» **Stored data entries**
Lemma unbounded_colour_class r (Y : set nat) (g : nat -> 'I_r) :
  unbounded Y -> exists c, unbounded [set y | Y y /\ g y = c].
Proof.
move=> uY; apply: contrapT => nc.
have /choice [B HB] : forall c, exists b, forall y, Y y /\ g y = c -> y < b.
  by move=> c; apply: not_unboundedP => uc; apply: nc; exists c.
have [y [Yy By]] := uY (\max_(c : 'I_r) B c).
have := leq_trans (HB (g y) y (conj Yy erefl)) (leq_trans (leq_bigmax _) By).
by rewrite ltnn.
Qed.

End UnboundedSets.

Section InfiniteRamsey.
Local Open Scope nat_scope.
Variables (r : nat) (phi : nat -> nat -> 'I_r).
Hypothesis phi_sym : edge_colouring phi.

Definition clique c (Q : set nat) :=
  forall x y, Q x -> Q y -> x <> y -> phi x y = c.

(* One step of the standard proof of the infinite Ramsey theorem: pick a
   pivot of Y and keep the unbounded colour class of the later elements,
   coloured by their edge to the pivot. *)
Definition pivot (Y : set nat) := xget 0 Y.
Definition later (Y : set nat) := [set y | Y y /\ pivot Y < y].
Definition pivot_colour (Y : set nat) :=
  xget (phi 0 0) [set c | unbounded [set y | later Y y /\ phi (pivot Y) y = c]].
Definition refine (Y : set nat) :=
  [set y | later Y y /\ phi (pivot Y) y = pivot_colour Y].

Lemma pivot_in Y : unbounded Y -> Y (pivot Y).
Proof. by move=> uY; have [y [Yy _]] := uY 0; exact: xgetI Yy. Qed.

Lemma refine_unbounded Y : unbounded Y -> unbounded (refine Y).
Proof.
move=> uY; have uL : unbounded (later Y).
  move=> b; have [y [Yy hy]] := uY (maxn b (pivot Y).+1).
  by exists y; move: hy; rewrite geq_max => /andP[hb hp].
have [c uc] := unbounded_colour_class (phi (pivot Y)) uL.
exact: (@xgetI _ (phi 0 0) [set c | unbounded _] c uc).
Qed.

Lemma refine_sub Y : refine Y `<=` Y.
Proof. by move=> y [[]]. Qed.

Section Chain.
Variable X : set nat.
Hypothesis X_unbounded : unbounded X.

Let Ys i := iter i refine X.
Let x i := pivot (Ys i).

Lemma chain_unbounded i : unbounded (Ys i).
Proof. by elim: i => [|i IH] //=; exact: refine_unbounded. Qed.

Lemma chain_sub i j : i <= j -> Ys j `<=` Ys i.
Proof.
elim: j => [|j IH]; first by rewrite leqn0 => /eqP ->.
rewrite leq_eqVlt => /orP[/eqP -> //|]; rewrite ltnS => /IH.
by move=> h; apply: subset_trans _ h; exact: refine_sub.
Qed.

Lemma chain_pivot_in i : X (x i).
Proof. exact: chain_sub (leq0n i) _ (pivot_in (chain_unbounded i)). Qed.

Lemma chain_pivot_edge i j :
  i < j -> x i < x j /\ phi (x i) (x j) = pivot_colour (Ys i).
Proof.
move=> ij; have := chain_sub ij (pivot_in (chain_unbounded j)).
by move=> [[_ h1] h2].
Qed.

Lemma chain_pivot_ge i : i <= x i.
Proof.
elim: i => [|i IH] //; exact: leq_ltn_trans IH (chain_pivot_edge (ltnSn i)).1.
Qed.

End Chain.

Theorem ramsey (X : set nat) : unbounded X -> (forall x, X x -> 0 < x) ->
  exists c Q, [/\ Q `<=` X, unbounded Q & clique c Q].
Proof.
move=> uX posX.
pose x i := pivot (iter i refine X); pose cc i := pivot_colour (iter i refine X).
have [c uc] := unbounded_colour_class cc unboundedT.
exists c, [set y | exists i, cc i = c /\ x i = y]; split.
- by move=> y [i [_ <-]]; exact: chain_pivot_in.
- move=> b; have [i [[_ ci] bi]] := uc b.
  by exists (x i); split; [exists i | exact: leq_trans bi (chain_pivot_ge uX i)].
- move=> y z [i [ci <-]] [j [cj <-]] neq.
  case: (ltngtP i j) => [ij|ji|ij]; last by case: neq; rewrite ij.
    by rewrite -ci; exact: (chain_pivot_edge uX ij).2.
  rewrite phi_sym; first by rewrite -cj; exact: (chain_pivot_edge uX ji).2.
  + exact: posX (chain_pivot_in uX _).
  + exact: posX (chain_pivot_in uX _).
  + exact/eqP.
Qed.

Definition good c x :=
  exists Q, [/\ Q x, unbounded Q, (forall y, Q y -> 0 < y) & clique c Q].

Lemma almost_all_good :
  exists b, forall x, 0 < x -> (forall c, ~ good c x) -> x < b.
Proof.
have : ~ unbounded [set x | 0 < x /\ forall c, ~ good c x].
  move=> uB; have [c [Q [QB uQ cQ]]] := ramsey uB (fun x h => h.1).
  have [y [Qy _]] := uQ 0; apply: ((QB y Qy).2 c).
  by exists Q; split => // z /QB [].
by move=> /not_unboundedP [b Hb]; exists b => x x0 hx; exact: Hb.
Qed.

End InfiniteRamsey.

Definition count_upto (W : set nat) t := count (fun i => `[< W i >]) (iota 1 t).
Lemma dvd_prod4 a b c e d : all prime [:: a; b; c; e] -> d %| a * b * c * e ->
  exists i j k l : bool, d = a ^ i * b ^ j * c ^ k * e ^ l.
Proof.
move=> ps; rewrite (_ : a * b * c * e = prodn [:: a; b; c; e]) /=; last by rewrite muln1 !mulnA.
case/(dvd_prodn ps) => -[|i [|j [|k [|l [|]]]]] // _ ->; exists i, j, k, l.
by case: i; case: j; case: k; case: l; rewrite /= ?expn0 ?expn1 ?mul1n ?muln1 ?mulnA.
Qed.

Lemma smaller_side A w h : w * h = A -> (w * w <= A) || (h * h <= A).
Proof. by move=> <-; case: (leqP w h) => wh; apply/orP; [left|right]; nia. Qed.

(* Four pieces in the square of side [2uv] have area [(uv)^2]; the smaller side [d] of a
   piece satisfies [uv <= 2d], [d <= uv] and [d | (uv)^2], which leaves only three
   values ([uv], [u^2] and [v] when [u <= v]). *)
Lemma no_four_pieces u v : prime u -> prime v ->
  ~ side_bound (2 * u * v) ((u * v) * (u * v)) 4.
Proof.
wlog uv : u v / u <= v.
  move=> gen pu pv; case: (leqP u v) => [|/ltnW] vu; first exact: gen.
  by rewrite [2 * u * v]mulnAC [u * v]mulnC; apply: gen.
move=> pu pv S; have u2 := prime_gt1 pu; have v2 := prime_gt1 pv.
suff : 4 <= size [:: u * v; u * u; v] by [].
apply: (S (fun d => d * d <= (u * v) * (u * v))) => [w h /smaller_side //|d e E _ en /=].
rewrite !mulnn leq_exp2r // => hi; have lo : u * v <= 2 * d by nia.
have [i [j [k [l Ed]]]] : exists i j k l : bool, d = u ^ i * u ^ j * v ^ k * v ^ l.
  apply: dvd_prod4; first by rewrite /= pu pv.
  by rewrite (_ : u * u * v * v = (u * v) * (u * v)) -?E ?dvdn_mulr //; nia.
clear E en; subst d; rewrite !inE.
case: i j k l lo hi => [] [] [] [] /= lo hi; rewrite ?expn0 ?expn1 ?mul1n ?muln1 in lo hi *;
  first [ by rewrite ?eqxx ?orbT | exfalso; nia
        | (have uv' : u = v by nia); subst v; by rewrite ?eqxx ?orbT ].
Qed.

» **What the task asks**
Give the number of lines in the entries that contain the word "Section", with no other text.

» **Solution below**
2